A reduzida obra de Murilo Rubião pode ser qualificada como extemporânea, se a analisamos no âmbito estrito da literatura brasileira. Contudo, quando observados sob um ângulo mais abrangente, o da produção literária latino-americana, os contos do escritor mineiro passam a dialogar com o realismo mágico de Borges e Cortázar.
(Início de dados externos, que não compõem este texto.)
(* Let $f\in\mathbb{Z}_2[x]$, $n\ge2$, and let $\sigma$ be a cycle of $f_n$. If $\sigma$ strongly grows, then its (unique) lift strongly grows. If $\sigma$ weakly grows, then its lift strongly splits.
   Context: $f_n$ is the induced map on $\mathbb{Z}/2^n\mathbb{Z}$, $f_n(x\bmod 2^n)=f(x)\bmod 2^n$. A $k$-cycle of $f_n$ is a tuple $\sigma=(x_1,\dots,x_k)$ of distinct elements with $f_n(x_i)=x_{i+1}$, $f_n(x_k)=x_1$; its lifts are the cycles of $f_{n+1}$ in $\{y\in\mathbb{Z}/2^{n+1}\mathbb{Z}:y\bmod 2^n\in\sigma\}$. For $x\in\mathbb{Z}_2$ set $a_n(x)=(f^k)'(x)$ and $b_n(x)=(f^k(x)-x)/2^n$, evaluated at a representative $x\in\mathbb{Z}_2$ of a point of $\sigma$ (for lifts at level $n+1$ of length $k'$ use $a_{n+1}(x)=(f^{k'})'(x)$, $b_{n+1}(x)=(f^{k'}(x)-x)/2^{n+1}$). $\sigma$ strongly grows if $a_n\equiv1\pmod4$ and $b_n\equiv1\pmod2$; weakly grows if $a_n\equiv3\pmod4$ and $b_n\equiv1\pmod2$; strongly splits if $a_n\equiv1\pmod4$ and $b_n\equiv0\pmod2$; weakly splits if $a_n\equiv3\pmod4$ and $b_n\equiv0\pmod2$ (these conditions do not depend on the chosen representative). *)

From HB Require Import structures.
From mathcomp Require Import all_boot all_order all_algebra.
From mathcomp Require Import boolp.
From Stdlib Require Import FunctionalExtensionality ProofIrrelevance.

Set Implicit Arguments.
Unset Strict Implicit.
Unset Printing Implicit Defensive.

Import Order.TTheory GRing.Theory Num.Theory.
Local Open Scope ring_scope.

(* The ring Z_2 of 2-adic integers, as the inverse limit of the Z/2^n Z:    *)
(* an element is a sequence of residues x_n in [0, 2^n) (stored as ints)    *)

Definition pow2 (n : nat) : int := 2%:Z ^+ n.

Lemma pow2_gt0 n : 0 < pow2 n.
Proof. by rewrite /pow2 exprn_gt0. Qed.

Lemma pow2_neq0 n : pow2 n != 0.
Proof. by rewrite gt_eqF // pow2_gt0. Qed.

Record Z2 := MkZ2 {
  z2seq : nat -> int ;
  z2coh : forall n, z2seq n = modz (z2seq n.+1) (pow2 n) }.

HB.instance Definition _ := gen_eqMixin Z2.
HB.instance Definition _ := gen_choiceMixin Z2.

Lemma Z2_ext (x y : Z2) : (forall n, z2seq x n = z2seq y n) -> x = y.
Proof.
case: x => sx hx; case: y => sy hy /= E.
have Es : sx = sy by apply: functional_extensionality.
subst sy; f_equal; apply: proof_irrelevance.
Qed.

Lemma modz_pow2S (a : int) n : modz (modz a (pow2 n.+1)) (pow2 n) = modz a (pow2 n).
Proof.
rewrite {2}(divz_eq a (pow2 n.+1)) /pow2 exprS mulrA.
by rewrite modzMDl.
Qed.

Definition compat (s : nat -> int) :=
  forall n, (s n.+1 = s n %[mod pow2 n])%Z.

Lemma mk_coh (s : nat -> int) (hs : compat s) n :
  modz (s n) (pow2 n) = modz (modz (s n.+1) (pow2 n.+1)) (pow2 n).
Proof. by rewrite modz_pow2S hs. Qed.

Definition mkZ2 (s : nat -> int) (hs : compat s) : Z2 :=
  @MkZ2 (fun n => modz (s n) (pow2 n)) (mk_coh hs).

Lemma mkZ2E s hs n : z2seq (@mkZ2 s hs) n = modz (s n) (pow2 n).
Proof. by []. Qed.

Lemma z2mod (x : Z2) n : modz (z2seq x n) (pow2 n) = z2seq x n.
Proof. by rewrite [in RHS](z2coh x n) (z2coh x n) modz_mod. Qed.

Lemma compat_cst (c : int) : compat (fun=> c).
Proof. by []. Qed.

Lemma compat_add (x y : Z2) : compat (fun n => z2seq x n + z2seq y n).
Proof. by move=> n; rewrite (z2coh x n) (z2coh y n) modzDml modzDmr. Qed.

Lemma compat_mul (x y : Z2) : compat (fun n => z2seq x n * z2seq y n).
Proof. by move=> n; rewrite (z2coh x n) (z2coh y n) modzMml modzMmr. Qed.

Lemma compat_opp (x : Z2) : compat (fun n => - z2seq x n).
Proof. by move=> n; rewrite (z2coh x n) modzNm. Qed.

Definition z2zero : Z2 := mkZ2 (compat_cst 0).
Definition z2one : Z2 := mkZ2 (compat_cst 1).
Definition z2add (x y : Z2) : Z2 := mkZ2 (compat_add x y).
Definition z2mul (x y : Z2) : Z2 := mkZ2 (compat_mul x y).
Definition z2opp (x : Z2) : Z2 := mkZ2 (compat_opp x).

Lemma z2addA : associative z2add.
Proof.
by move=> x y z; apply: Z2_ext => n; rewrite !mkZ2E modzDml modzDmr addrA.
Qed.

Lemma z2addC : commutative z2add.
Proof. by move=> x y; apply: Z2_ext => n; rewrite !mkZ2E addrC. Qed.

Lemma z2add0 : left_id z2zero z2add.
Proof. by move=> x; apply: Z2_ext => n; rewrite !mkZ2E modzDml add0r z2mod. Qed.

Lemma z2addN : left_inverse z2zero z2opp z2add.
Proof. by move=> x; apply: Z2_ext => n; rewrite !mkZ2E modzDml addNr. Qed.

HB.instance Definition _ := GRing.isZmodule.Build Z2 z2addA z2addC z2add0 z2addN.

Lemma z2mulA : associative z2mul.
Proof.
by move=> x y z; apply: Z2_ext => n; rewrite !mkZ2E modzMml modzMmr mulrA.
Qed.

Lemma z2mulC : commutative z2mul.
Proof. by move=> x y; apply: Z2_ext => n; rewrite !mkZ2E mulrC. Qed.

Lemma z2mul1 : left_id z2one z2mul.
Proof. by move=> x; apply: Z2_ext => n; rewrite !mkZ2E modzMml mul1r z2mod. Qed.

Lemma z2mulDl : left_distributive z2mul (@GRing.add Z2).
Proof.
move=> x y z; apply: Z2_ext => n.
change (z2seq (z2mul (z2add x y) z) n =
        z2seq (z2add (z2mul x z) (z2mul y z)) n).
by rewrite !mkZ2E modzMml mulrDl modzDml modzDmr.
Qed.

Lemma z2one_neq0 : z2one != (0 : Z2).
Proof.
apply/eqP => H; have := f_equal (fun x => z2seq x 1) H.
by change (modz 1 (pow2 1) = modz 0 (pow2 1) -> False).
Qed.

HB.instance Definition _ :=
  GRing.Zmodule_isComNzRing.Build Z2 z2mulA z2mulC z2mul1 z2mulDl z2one_neq0.

Definition red (n : nat) (x : Z2) : int := z2seq x n.
(* Let $n\in\mathbb{N}$, $N=2^{2n}$ and $1\le\kappa\le 2^n$. Any quantum algorithm that makes $T$ queries to $\varphi$ and $\varphi^{-1}$, where $\varphi\sim S_N^{\kappa}$ is a uniformly random permutation of $\{0,1\}^{2n}$ with exactly $\kappa$ zero pairs, and outputs a zero pair of $\varphi$ with probability $\epsilon>0$, satisfies $$\epsilon\le 2(T+1)\sqrt{\frac{\kappa}{2^n}}.$$
   Context: A zero pair of a permutation $\varphi$ of $\{0,1\}^{2n}$ is a pair $(x,y)\in\{0,1\}^n\times\{0,1\}^n$ with $\varphi(x\|0^n)=y\|0^n$; $S_N^{\kappa}$ is the set of permutations of $\{0,1\}^{2n}$ with exactly $\kappa$ zero pairs. Queries are to the unitaries $O_\varphi:|a\rangle|b\rangle\mapsto|a\rangle|b\oplus\varphi(a)\rangle$ and $O_{\varphi^{-1}}:|a\rangle|b\rangle\mapsto|a\rangle|b\oplus\varphi^{-1}(a)\rangle$. *)

(* Quantum query model over an arbitrary numeric closed
   field C (e.g. algC, or R[i] for a real closed field R). *)
From HB Require Import structures.
From mathcomp Require Import all_boot all_order all_fingroup all_algebra.
Set Implicit Arguments. Unset Strict Implicit. Unset Printing Implicit Defensive.
Import Order.TTheory GRing.Theory Num.Theory.
Local Open Scope ring_scope.

Definition bits (m : nat) := (m.-tuple bool).

Definition bxor (m : nat) (u v : bits m) : bits m :=
  [tuple addb (tnth u i) (tnth v i) | i < m].

Definition pad0 (n : nat) (x : bits n) : bits (n + n) :=
  cat_tuple x (nseq_tuple n false).

Definition zero_pairs (n : nat) (phi : {perm bits (n + n)})
  : {set bits n * bits n} :=
  [set p | phi (pad0 p.1) == pad0 p.2].

Definition S_kappa (n kappa : nat) : {set {perm bits (n + n)}} :=
  [set phi | #|zero_pairs phi| == kappa].
Theorem theorem1
  (L : splittingFieldType rat) (K F : {subfield L}) (sigma : gal_of K)
  (FK : (F <= K)%VS) (galKF : galois F K)
  (gen : ('Gal(K / F) = <[sigma]>)%g)
  (d : L) (I : L -> Prop) :
  let m := \dim_F K in
  let s := fun x : L => sigma x in
  let OK := ring_of_integers K in
  let OF := ring_of_integers F in
  let IOK := ext_ideal I OK in
  let Lam := fun g : {ffun 'I_m -> L} => forall i, OK (g i) in
  let ILam := fun g : {ffun 'I_m -> L} => forall i, IOK (g i) in
  let mulL := cyc_mul s d in
  OK d -> d != 0 -> OK d^-1 ->
  skew_irreducible K s m (cyc_poly m d) ->
  nonzero_ideal OF I ->
  (* I Lambda is a two-sided ideal of Lambda *)
  ((forall g, ILam g -> Lam g) /\
   ILam 0 /\
   (forall g h, ILam g -> ILam h -> ILam (g + h)) /\
   (forall g, ILam g -> ILam (- g)) /\
   (forall g h, Lam g -> ILam h -> ILam (mulL g h) /\ ILam (mulL h g)))
  /\
  (* Lambda / I Lambda is isomorphic to ((O_K/I O_K)/(O_F/I), sigma-bar, d-bar),
     via reduction of coefficients: for any realization S of O_K / I O_K *)
  (forall (S : comPzRingType) (pi : L -> S) (sbar : S -> S),
     pi 1 = 1 ->
     (forall x y, OK x -> OK y -> pi (x + y) = pi x + pi y) ->
     (forall x y, OK x -> OK y -> pi (x * y) = pi x * pi y) ->
     (forall u : S, exists x, OK x /\ pi x = u) ->
     (forall x, OK x -> (pi x = 0 <-> IOK x)) ->
     (forall x, OK x -> sbar (pi x) = pi (s x)) ->
     let phi := fun g : {ffun 'I_m -> L} => [ffun i => pi (g i)] in
     [/\ forall g h, Lam g -> Lam h -> phi (g + h) = phi g + phi h,
         forall g h, Lam g -> Lam h ->
           phi (mulL g h) = cyc_mul sbar (pi d) (phi g) (phi h),
         forall a g, OF a -> Lam g -> phi [ffun i => a * g i] = [ffun i => pi a * phi g i],
         forall u : {ffun 'I_m -> S}, exists g, Lam g /\ phi g = u
       & forall g, Lam g -> (phi g = 0 <-> ILam g)]).
Proof.
(* The unit d, the irreducibility of t^m - d, I <> 0 and galKF only serve to
   make (K/F, sigma, d) a division algebra and O_K / I O_K finite; the
   isomorphism does not use them. *)
move=> m s OK OF IOK Lam ILam mulL OKd _ _ _ [I_OF _ _ _ _].
have sigmaF : (sigma \in 'Gal(K / F))%g by rewrite gen cycle_id.
have OK_s x : OK x -> OK (s x) := @ring_of_integers_gal _ K sigma x.
have IOK_s x : IOK x -> IOK (s x) := @ext_ideal_gal _ K I F FK I_OF sigma x sigmaF.
split.
  split; first by move=> g Ig i; apply: ext_ideal_sub FK I_OF _ (Ig i).
  split; first by move=> i; rewrite ffunE; apply: ext_ideal0.
  split; first by move=> g h Ig Ih i; rewrite ffunE; apply: ext_idealD (Ig i) (Ih i).
  split; first by move=> g Ig i; rewrite ffunE; apply: ext_idealN (Ig i).
  by move=> g h; apply: cyc_mul_ext_ideal.
move=> S pi sbar pi1 piD piM pi_onto pi_ker pi_s phi; split.
- by move=> g h Og Oh; apply/ffunP => i; rewrite !ffunE piD.
- by move=> g h; apply: reduction_cyc_mul.
- move=> a g OFa Og; apply/ffunP => i; rewrite !ffunE piM //.
  exact: ring_of_integersS FK OFa.
- exact: reduction_ffun_onto.
- exact: reduction_ffun_eq0.
Qed.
Alguns preferem utilizar a expressão “realismo fantástico” para designar esse subgênero que foi renovado durante o famoso boom da literatura latino-americana de língua hispânica e alcançou uma importância medular na literatura mundial, mas o qualificativo “mágico” reflete melhor essa ficção aparentemente realista, na qual fantasia e realidade confundem-se a ponto de ser impossível, algumas vezes, discerni-las com precisão. Os elementos extraordinários ou maravilhosos encontram-se inseridos na normalidade, nunca obscurecidos pelo corriqueiro, mas despontando aqui e ali, de maneira a provocar guinadas no enredo, extasiar ou confundir o leitor, ou simplesmente inocular desconsolo, espanto, estranheza. Trata-se de uma literatura que privilegia o insólito, mas sem ferir a congruência interna das narrativas, criando, sob a aparência de absoluta naturalidade, uma verossimilhança cuja lógica está fundada no irreal, mas não necessariamente no fantasmagórico ou no terror.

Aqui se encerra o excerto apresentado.